Hacker News new | ask | show | jobs
by lloydatkinson 1605 days ago
I had the same thoughts and then it was confirmed how insane this setup is part way through:

“At the time of writing, the Citus distributed database cluster adopted by the team on Azure is HA-enabled for high availability and has 12 worker nodes with a combined total of 192 vCores, ~1.5 TB of memory, and 24 TB of storage. (The Citus coordinator node has 64 vCores, 256 GB of memory, and 1 TB of storage.)”

That’s beyond overkill for something that as you say could be generated statically a couple of times a day.

6 comments

It's probably overkill, but not really enough overkill to be worth spending much time on.

E.g. 12 worker nodes and 192 vCores means they've picked 16 core nodes. 1.5TB of memory across 12 nodes means 128GB per node. 24TB of storage is just 2TB per node.

So it's 12 relatively mid sized servers/VMs.

They could certainly do it with much less, and I have no interest in looking up what 12 nodes of that spec would cost on Azure, but at Hetzner it'd cost less than 1500 GBP/month including substantial egress. At most cloud providers the bandwidth bill for this likely swamps the instance cost, and the developer cost to develop this is likely many times the lifetime projected hosting cost even with that much overkill.

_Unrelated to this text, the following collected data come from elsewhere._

(* Consider a Bayesian persuasion setting with binary state space $\Theta=\{\theta_1,\theta_2\}$, binary action space $A=\{a_1,a_2\}$, a finite signal space $\Sigma$ with $|\Sigma|\ge 2$, common prior with $p=\Pr_\mu[\theta=\theta_1]$, sender utility $u_S:\Theta\times A\to\mathbb{R}$ and receiver utility $u_R:\Theta\times A\to\mathbb{R}$. Assume the receiver is state-matching: $u_R(\theta_1,a_1)\ge u_R(\theta_1,a_2)$ and $u_R(\theta_2,a_2)\ge u_R(\theta_2,a_1)$; and the sender is action-matching: $u_S(\theta_1,a_1)\ge u_S(\theta_2,a_1)$ and $u_S(\theta_2,a_2)\ge u_S(\theta_1,a_2)$. Let $(\ell,h)$ and $(\ell',h')$ be two feasible constraints, i.e. $\ell\le p\le h$ and $\ell'\le p\le h'$, such that $(\ell,h)$ is more binding than $(\ell',h')$, i.e. $\ell'\le \ell$ and $h\le h'$. Let $\Phi$ and $\Phi'$ be the sets of sender-optimal signaling schemes under the constraints $(\ell,h)$ and $(\ell',h')$ respectively. Let $\varphi\in\Phi$ maximize the receiver's expected utility $\mathbb{E}_{\theta\sim\mu,\sigma\sim\varphi(\theta),a\sim\pi_\varphi(\sigma)}[u_R(\theta,a)]$ over $\Phi$, and let $\varphi'\in\Phi'$ maximize the receiver's expected utility $\mathbb{E}_{\theta\sim\mu,\sigma\sim\varphi'(\theta),a\sim\pi_{\varphi'}(\sigma)}[u_R(\theta,a)]$ over $\Phi'$. Then $$\mathbb{E}_{\theta\sim\mu,\sigma\sim\varphi(\theta),a\sim\pi_\varphi(\sigma)}[u_R(\theta,a)]\ \ge\ \mathbb{E}_{\theta\sim\mu,\sigma\sim\varphi'(\theta),a\sim\pi_{\varphi'}(\sigma)}[u_R(\theta,a)].$$
   Context: The sender commits to a signaling scheme $\varphi:\Theta\to\Delta(\Sigma)$ before observing the state $\theta\sim\mu$, then sends $\sigma\sim\varphi(\theta)$. The receiver observes $\sigma$ and chooses an action via a (possibly randomized) strategy $\pi:\Sigma\to\Delta(A)$. A constraint $(\ell,h)$ with $0\le\ell\le h\le 1$ requires that the overall probability (over the randomness of the state, the sender's signal and the receiver's randomization) that the receiver plays $a_1$ lies in $[\ell,h]$, i.e. $\ell\le \Pr_{\mu,\varphi,\pi}[\pi(\varphi(\theta))=a_1]\le h$. Under a constraint, the receiver's best response $\pi_\varphi$ to $\varphi$ is a strategy satisfying the constraint that maximizes her expected utility $\mathbb{E}[u_R(\theta,a)]$ among all strategies satisfying the constraint, with ties broken in favor of the sender. A signaling scheme is sender-optimal under a constraint if it maximizes the sender's expected utility $\mathbb{E}_{\theta\sim\mu,\sigma\sim\varphi(\theta),a\sim\pi_\varphi(\sigma)}[u_S(\theta,a)]$ given that the receiver plays her constrained best response. *)

From mathcomp Require Import all_boot all_order all_algebra.
From mathcomp Require Import reals.
Set Implicit Arguments. Unset Strict Implicit. Unset Printing Implicit Defensive.
Import Order.TTheory GRing.Theory Num.Theory.
Local Open Scope ring_scope.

If they happen to have someone familiar with query caching and CDNs, I'm sure they could cut it significantly very quickly, and even an entirely average developer could figure out how to trim that significantly over time. But even at (low) UK government contract rates it's not worth much time to try to trim a bill like that much vs. just picking whatever the developers who worked on it preferred.

> generated statically a couple of times a day.

That would require actual work instead of selling an overpriced generic solution.

Did you look at the 3 different (non-trivial) APIs they are offering on top of the dashboard? Though I have a hard time understanding why use PostgreSQL instead of ClickHouse, for example.
No I didn’t tbh, I didn’t read much further. Notice how one sentence says Postgres was chosen because it was somebody’s preference
You will always be faster with worse tools you know than with better tools you don't know.
True but why does it also need terabytes of storage and 12 worker nodes?
i imagine getting something up, quicklh waa a priority, rather than spending longer architecting amd optimising.
My suspicion is that since this has to do with COVID, there is no real limit on what the cost should really be.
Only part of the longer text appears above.